Character assassination? The theatre takes on Trump
Does it matter that Eustis’ production isn’t perfect? Perhaps not. Censorship is always abhorrent, and the reaction to the Public Theater this week certainly looks like censorship: a president’s princeling pressuring state bodies to cut off the voice of an opponent, to defund democratic art. A commercial partner tacitly instructing a group of artists to reflect their sponsor’s brand values. That businesses which sponsor the arts should have no influence over content would seem a prerequisite for such relationships.
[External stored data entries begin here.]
Lemma par_rep P Q : par (rep P) (rep Q) -> P = Q.
Proof.
move=> hpar; have [c hc] := par_scale (rep_neq0 P) hpar.
have nc : c != 0 by apply: contraNneq (rep_neq0 Q) => c0; rewrite hc c0 scale0r.
apply: val_inj; rewrite !repE hc; apply/setP => t.
apply/imsetP/imsetP => [[d _ ->]|[d _ ->]].
  by exists (d / c); rewrite ?inE // scalerA divfK.
by exists (d * c); rewrite ?inE // scalerA.
Qed.

Lemma npar_rep P Q : P != Q -> ~ par (rep P) (rep Q).
Proof. by move=> nPQ /par_rep ePQ; rewrite ePQ eqxx in nPQ. Qed.

Lemma plineP L : is_pline L -> exists2 a, a != 0 & L = [set P | incid a P].
Proof. by case/existsP => a /andP [na /eqP ->]; exists a. Qed.

Lemma npar_line a b : a != 0 -> b != 0 ->
  [set P | incid a P] != [set P | incid b P] -> ~ par a b.
Proof.
move=> na nb nab hpar; have [c hc] := par_scale na hpar; case/eqP: nab.
have nc : c != 0 by apply: contraNneq nb => c0; rewrite hc c0 scale0r.
by apply/setP => P; rewrite !inE !incidE hc dotZr mulf_eq0 (negbTE nc).
Qed.

Lemma meet_once L M P Q : is_pline L -> is_pline M -> L != M ->
  P \in L -> P \in M -> Q \in L -> Q \in M -> P = Q.
Proof.
move=> /plineP [a na ->] /plineP [b nb ->] /(npar_line na nb) nab.
rewrite !inE !incidE => /eqP PL /eqP PM /eqP QL /eqP QM.
exact/par_rep/(common_perp_par PL PM QL QM nab).
Qed.

Definition meets_at P L M := (P \in L) && (P \in M).

Section Colouring.
Variable s : ppoint F -> {set ppoint F} -> bool.

(* In a triangle of pairwise adjacent secants of an outcome of H_q^*, the three
   witnessing points are pairwise distinct: a common point would lie on all
   three lines and would then have to 2-colour them with pairwise distinct
   colours. *)
Lemma triangle_distinct Li Lj Lk Pij Pik Pjk :
  is_pline Li -> is_pline Lj -> is_pline Lk ->
  Li != Lj -> Li != Lk -> Lj != Lk ->
  meets_at Pij Li Lj -> meets_at Pik Li Lk -> meets_at Pjk Lj Lk ->
  s Pij Li != s Pij Lj -> s Pik Li != s Pik Lk -> s Pjk Lj != s Pjk Lk ->
  [/\ Pij != Pik, Pij != Pjk & Pik != Pjk].
Proof.
move=> li lj lk nij nik njk /andP[ij_i ij_j] /andP[ik_i ik_k] /andP[jk_j jk_k].
move=> cij cik cjk.
have concurrent R : R \in Li -> R \in Lj -> R \in Lk -> False.
  move=> Ri Rj Rk.
  have ER : Pij = R := meet_once li lj nij ij_i ij_j Ri Rj; subst R.
  have Eik : Pik = Pij := meet_once li lk nik ik_i ik_k Ri Rk.
  have Ejk : Pjk = Pij := meet_once lj lk njk jk_j jk_k Rj Rk.
  rewrite Eik in cik; rewrite Ejk in cjk.
  by move: cij cik cjk; case: (s Pij Li); case: (s Pij Lj); case: (s Pij Lk).
split; apply/eqP => E.
- by apply: (concurrent Pij); rewrite // E.
- by apply: (concurrent Pij); rewrite // E.
- by apply: (concurrent Pik); rewrite // E.
Qed.

End Colouring.

End ProjectivePlane.

Section Unital.
Variables (F : finFieldType) (q : nat).
Hypotheses (q_pp : prime_power q) (cardF : #|F| = (q ^ 2)%N).

Lemma frobD (x y : F) : (x + y) ^+ q = x ^+ q + y ^+ q.
Proof.
case: q_pp cardF => p [k [pp k0 ->]] hF; apply: exprDn_pchar.
have hc : p \in [pchar F].
  by apply: (@card_finPcharP F p (k * 2)) => //; rewrite hF -expnM.
by rewrite pnatX (pnatE _ pp) hc.
Qed.

Lemma frobM (x y : F) : (x * y) ^+ q = x ^+ q * y ^+ q.
Proof. exact: exprMn. Qed.

Lemma frobK : involutive (fun x : F => x ^+ q).
Proof.
move=> x /=; rewrite -exprM.
have -> : (q * q)%N = #|F| by rewrite cardF expnS expn1.
exact: expf_card.
Qed.

Lemma onH_rep (P : ppoint F) :
  onH q P -> hform (fun x => x ^+ q) (rep P) (rep P) = 0.
Proof.
move/forallP/(_ (rep P))/implyP; rewrite repE in_span1 => /(_ isT).
by rewrite /herm sum3 /hform !exprS => /eqP.
Qed.
(* Let $G$ be a connected unicyclic graph with largest vertex degree $\Delta=3$ and let $\alpha\in(0,1)$. If $k(G)=3$ and $\alpha>\frac{-\gamma_0}{2-\gamma_0}$, or if $k(G)=2$ and $\alpha>\frac{-\delta_0}{2-\delta_0}$, then \[ \rho(A_\alpha(G))<3\alpha+2(1-\alpha)\sqrt{2}\cos\frac{\pi}{2k(G)+1}. \]
   Context: $A_\alpha(G)=\alpha D(G)+(1-\alpha)A(G)$ ($D$ degree matrix, $A$ adjacency matrix), and $\rho(M)$ is the spectral radius (largest eigenvalue) of a symmetric matrix $M$. A unicyclic graph is a connected graph with exactly one cycle; if $C_r$ is its cycle with vertices $v_1,\dots,v_r$, removing the cycle edges leaves trees $T_1,\dots,T_r$ rooted at $v_1,\dots,v_r$, $h(T_i)$ is the largest distance from $v_i$ to a vertex of $T_i$, and $k(G)=\max_i h(T_i)+1$. Let $Z(\gamma)=\begin{pmatrix}\gamma&\sqrt2&0\\ \sqrt2&0&1\\ 0&1&2\end{pmatrix}$ and $W(\delta)=\begin{pmatrix}\delta&1\\1&2\end{pmatrix}$. $\gamma_0$ is the unique real number (it lies in $(-0.25,-0.2)$) with $\rho(Z(\gamma_0))=2\sqrt2\cos\frac{\pi}{7}$, and $\delta_0$ is the unique real number (it lies in $(-1.2,-1.1)$) with $\rho(W(\delta_0))=2\sqrt2\cos\frac{\pi}{5}$. *)

From Stdlib Require Import Reals List Arith Lia Lra.
Import ListNotations.
Open Scope bool_scope.
Open Scope R_scope.

Definition simple_graph (n : nat) (adj : nat -> nat -> bool) : Prop :=
  (forall i j, adj i j = adj j i) /\
  (forall i, adj i i = false) /\
  (forall i j, adj i j = true -> (i < n)%nat /\ (j < n)%nat).

Definition degree (n : nat) (adj : nat -> nat -> bool) (i : nat) : nat :=
  length (filter (adj i) (seq 0 n)).

Definition max_degree (n : nat) (adj : nat -> nat -> bool) (D : nat) : Prop :=
  (forall i, (i < n)%nat -> (degree n adj i <= D)%nat) /\
  (exists i, (i < n)%nat /\ degree n adj i = D).

(** [is_walk adj x p]: x, p_1, ..., p_m is a walk (consecutive vertices adjacent);
    it ends at [last p x] and has length [length p]. *)
Fixpoint is_walk (adj : nat -> nat -> bool) (x : nat) (p : list nat) : bool :=
  match p with
  | [] => true
  | y :: p' => adj x y && is_walk adj y p'
  end.

Definition connected (n : nat) (adj : nat -> nat -> bool) : Prop :=
  forall u v, (u < n)%nat -> (v < n)%nat ->
    exists p, is_walk adj u p = true /\ last p u = v.

Definition is_cycle (adj : nat -> nat -> bool) (c : list nat) : Prop :=
  (3 <= length c)%nat /\ NoDup c /\
  exists v rest, c = v :: rest /\ is_walk adj v rest = true /\ adj (last rest v) v = true.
Last month, the oil company BP strongly denied to me allegations it had sought curatorial powers over a sponsored exhibition at the British Museum. Yet the issue remains fraught, on both sides. As corporates expect theatres to “reflect their own values”, theatres expect their sponsors to do the same. Delta, for instance, also sponsors London’s National Theatre: the playwright John Donnelly, currently under commission to the National, has responded to the Caesar controversy by asking it to cut its own ties with the American company. Speaking on Wednesday, Donnelly told me: “I would strongly object, under the current circumstances, to Delta being associated with a production of mine.”
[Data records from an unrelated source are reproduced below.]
Lemma holds_at_neg_transform x phi c : scoped phi ->
  (holds_at x (neg_transform phi) c <-> forall d, good d -> cle c d -> ~ holds_at x phi d).
Proof.
  intros Hphi. destruct c as [b p]. unfold holds_at, neg_transform. cbn [isat cdom cmap]. split.
  - intros H [c s] Hd Hcd Hs. apply (H c (proj1 Hcd)).
    apply sat_ext_exists; [exact (proj1 Hcd) | apply Hphi | eauto].
  - intros H c Hc Hex. apply sat_ext_exists in Hex as [s [Hs [Hcs Hsat]]]; [| exact Hc | apply Hphi].
    exact (H (Cond c s) Hs Hcs Hsat).
Qed.

Lemma scoped_neg_transform phi : scoped phi -> scoped (neg_transform phi).
Proof. intros Hsc b v [c [_ Hv]]. exact (free_ext_exists _ _ _ v (Hsc c) Hv). Qed.

Lemma dense_decided x phi : scoped phi ->
  dense (fun c => holds_at x phi c \/ holds_at x (neg_transform phi) c).
Proof.
  intros Hsc c Hc. destruct (classic (exists d, good d /\ cle c d /\ holds_at x phi d)) as [[d Hd]|Hno].
  - exists d. tauto.
  - exists c. split; [exact Hc | split; [apply cle_refl | right]].
    apply holds_at_neg_transform; [exact Hsc|]. intros d Hd Hcd Hphi. apply Hno. eauto.
Qed.

Lemma generically_decides_compl S x phi : scoped phi -> persistent x phi ->
  generically_decides S x phi -> generically_decides (fun z => ~ S z) x (neg_transform phi).
Proof.
  intros Hsc Hpers [D [HD Hgen]].
  destruct (dense_pairing (fun k i => if excluded_middle_informative (k = zero)
                                        then fun c => holds_at x phi c \/ holds_at x (neg_transform phi) c
                                        else D i)) as [D' [HD' Hmeet]].
  { intros k i. destruct (excluded_middle_informative (k = zero)); [apply dense_decided, Hsc | apply HD]. }
  exists D'. split; [exact HD'|]. intros g Hinj Hsurj Hg.
  assert (HgD : forall i, meets g (D i)).
  { intros i. generalize (Hmeet g Hg one i).
    destruct (excluded_middle_informative (one = zero)) as [E|_]; [destruct (one_neq_zero E) | auto]. }
  rewrite (Hgen g Hinj Hsurj HgD). split.
  - intros Hno. generalize (Hmeet g Hg zero zero).
    destruct (excluded_middle_informative (zero = zero)) as [_|N]; [|destruct (N eq_refl)].
    intros [c [[Hc|Hc] Hgc]].
    + destruct Hno. exists (cdom c). apply holds_at_agrees; assumption.
    + exists (cdom c). apply holds_at_agrees; [apply scoped_neg_transform|..]; assumption.
  - intros [b Hb] [b' Hb']. destruct (upper_bound2 b b') as [m [Hmb Hmb']].
    apply (proj1 (holds_at_neg_transform x phi _ Hsc) Hb (Cond m g));
      [apply good_injective, Hinj | split; [exact Hmb | intros i _; reflexivity]|].
    apply (Hpers (Cond b' g)); [apply good_injective, Hinj | | exact Hb'].
    split; [exact Hmb' | intros i _; reflexivity].
Qed.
Yet this latest incident is also emblematic of a cynical culture war. From Andres Serrano’s 1987 “Piss Christ” to the 2008 work of Aliza Shvarts, a Yale student whose senior art project allegedly filmed her uterus undergoing monthly abortions, radical artists with an eye on fame have sought to provoke the GOP establishment; and Fox News has regularly taken the bait. In New York, such controversy attracts as many donors as it scares away.
In an interview with the New York Times this week, Eustis cast the same point in more heroic language. In the hours since Julius Caesar lost its corporate funding, he revealed, “there are an awful lot of people who have stepped up, without being asked, to express solidarity with us, in emotional and financial terms, because the stand that we’ve taken about freedom of the art, freedom of speech, the ability to do provocative work, the ability to do work that speaks to the real issues and anxiety of our time, is something they support.” In other words, New York’s patrons of the arts have deep pockets and will happily pay to keep Trump on the defensive.
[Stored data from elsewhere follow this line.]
Lemma local_resolving_setC (T : finType) (e : rel T) (U : {set T}) :
  (forall u v, u \in U -> v \in U -> e u v -> exists2 w, w \notin U & distinguishes e w u v) ->
  local_resolving e (~: U).
Proof.
move=> resU; apply/local_resolvingP => u v; rewrite !inE !negbK => uU vU euv.
by have [w wU dw] := resU u v uU vU euv; exists w; rewrite ?inE.
Qed.

Lemma distinguishesC (T : finType) (e : rel T) w u v :
  distinguishes e w u v = distinguishes e w v u.
Proof. by rewrite /distinguishes eq_sym. Qed.

Lemma cards3 (T : finType) (x y z : T) :
  x != y -> x != z -> y != z -> #|[set x; y; z]| = 3.
Proof. by move=> xy xz yz; rewrite setUC !cardsU1 cards1 !inE negb_or !(eq_sym z) xy xz yz. Qed.

Lemma cliqueP (T : finType) (e : rel T) (C : {set T}) :
  reflect {in C &, forall x y, x != y -> e x y} (is_clique e C).
Proof.
apply: (iffP forallP) => [clC x y xC yC | clC x].
  by have /implyP/(_ xC)/forallP/(_ y)/implyP/(_ yC)/implyP := clC x.
by apply/implyP => xC; apply/forallP => y; apply/implyP => yC; apply/implyP; apply: clC.
Qed.

Lemma maximum_clique_exists (T : finType) (e : rel T) :
  exists K : {set T}, [/\ is_clique e K, #|K| = clique_number e &
                          forall C, is_clique e C -> #|C| <= #|K|].
Proof.
rewrite /clique_number.
have [|K clK maxE] := @eq_bigmax_cond _ [pred A : {set T} | is_clique e A] (fun A => #|A|).
  by apply/card_gt0P; exists set0; rewrite inE; apply/cliqueP => x y; rewrite inE.
exists K; rewrite -maxE; split=> // C clC.
exact: (@leq_bigmax_cond _ [pred A : {set T} | is_clique e A] (fun A => #|A|) C clC).
Qed.

Lemma connected_closed (T : finType) (e : rel T) (S : {set T}) x y :
  connected_graph e -> (forall u v, u \in S -> e u v -> v \in S) -> x \in S -> y \in S.
Proof.
move=> /(_ x y) /connectP [p + ->] closedS; elim: p x => [|z p IHp] x //= /andP[exz pz] xS.
exact: IHp pz (closedS x z xS exz).
Qed.

Local Notation vtx k := (@Ordinal 6 k isT).

Lemma Gamma2_Gamma1 (i j : 'I_6) : (i < 4) || (j < 4) -> Gamma2 i j = Gamma1 i j.
Proof.
by case: i j => [[|[|[|[|[|[|i]]]]]] ?] [[|[|[|[|[|[|j]]]]]] ?]; rewrite /Gamma2 /= ?orbF.
Qed.

Definition K4_vertex (s : bool * bool) : 'I_6 :=
  match s with
  | (true, true) => vtx 0 | (true, false) => vtx 1
  | (false, true) => vtx 2 | (false, false) => vtx 3
  end.

Lemma K4_vertexP s :
  [/\ K4_vertex s < 4, Gamma1 (K4_vertex s) (vtx 4) = s.1 & Gamma1 (K4_vertex s) (vtx 5) = s.2].
Proof. by case: s => [[] []]; split. Qed.

Section MaximumClique.
Variables (T : finType) (e : rel T).
Hypotheses (esym : symmetric e) (eirr : irreflexive e) (conn : connected_graph e).
Variable K : {set T}.
Hypotheses (clK : is_clique e K) (maxK : forall C, is_clique e C -> #|C| <= #|K|).
Hypothesis K_gt1 : 1 < #|K|.

Lemma clique_adj x y : x \in K -> y \in K -> x != y -> e x y.
Proof. by move/cliqueP: clK; apply. Qed.

Let K_inhabited : exists x, x \in K.
Proof. by apply/card_gt0P; apply: ltnW. Qed.

Definition adjK c := [exists z in K, e z c].

Definition dist_bit c d x := if adjK c then e x c else e x d.

Section Outside.
Variables c d : T.
Hypotheses (cd : c != d) (Kcd : ~: K = [set c; d]).

Lemma outside_K x : (x \notin K) = (x == c) || (x == d).
Proof. by rewrite -in_setC Kcd !inE. Qed.

Lemma c_notin_K : c \notin K. Proof. by rewrite outside_K eqxx. Qed.

Lemma K_neq_c x : x \in K -> x != c.
Proof. by apply: contraTneq => ->; rewrite c_notin_K. Qed.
The city’s students will be grateful to them. Shakespeare in the Park is noteworthy for offering free tickets; it is a cult institution to the loyal fans who each summer brave hour-long queues or the hazards of a lottery system. The Public Theater’s year-round work, based in its five-stage East Village building, is open to audiences at $20-$60 per ticket, a good $100 less than equivalent seats in Broadway venues. It is this accessibility, along with its solid record for artistic excellence, that makes the Public the closest thing in New York to a European-style national theatre.
The Public therefore has the inbuilt longevity and financial confidence to live up to the best of its artistic mission. But smaller non-profit theaters are more concerned about the dangers of a denunciation by Fox News. “For us, getting a single corporate sponsor makes all the difference between being able to open our doors each year,” says one artistic director who asked to remain anonymous. “We can’t afford to be quite as brave. And if places like ours close, there won’t be anywhere in New York you can experience a professional play for less than $100.”
This isn’t the first time the Trump family have taken a New York theatre to task. Back in November, vice-president Mike Pence celebrated the Trump team’s election victory with a visit to Hamilton, the stage musical that lionises self-made founding father Alexander Hamilton. The show’s racially diverse, LGBT-friendly cast made their concerns about Pence’s social record politely clear at the curtain call; Pence adopted a patrician pose, telling a reporter, “I nudged my kids and reminded them, that’s what freedom sounds like.” But Trump himself erupted in anger over Twitter, lamenting that “the Theater must always be a safe and special place”.
It is certainly a duty of art to thus unsettle the powerful. But theatre needs to be able to defend itself when the stakes get high. New York artists are easy targets for the Trump base. Unlike TV satire, theatres have a limited fan base of their own; it’s easy to tell voters in Alabama that New York’s latest art work is degenerate and violent if they are unlikely ever to see it for themselves. This week the administration redoubled its attack on the Public. On Wednesday morning, Trump Jr tweeted again, implying a cultural link between Eustis’ willingness to depict his father’s murder and the shooting of congressman Steve Scalise in Virginia.
History shows that nothing shuts down a theatre quicker than an accusation it has incited real life violence, however tenuous. True, censorship can still be resisted. Before he hit Broadway, Leveaux spent the 1980s working in the German Democratic Republic: he recalls how “many actors took to the stage at curtain call to speak up for change. The government — sponsors of a totally state-subsidised theatre — found this inconvenient. So they banned the speeches. As a result the actors started to stand on stage in complete silence. An even more combustible and deeply uncomfortable kind of eloquence cheered by the audience.”
If American artists are turning to the former East Germany as a model for future artistic resistance, however, their prognosis for the Land of the Free is surely pessimistic. Perhaps for some this is a sense of victimhood too willingly shouldered: Eustis and his Public Theater will be fine. But each time the Trump family or their followers harass a high-profile theatre, lower-budget, more precarious institutions feel the chill.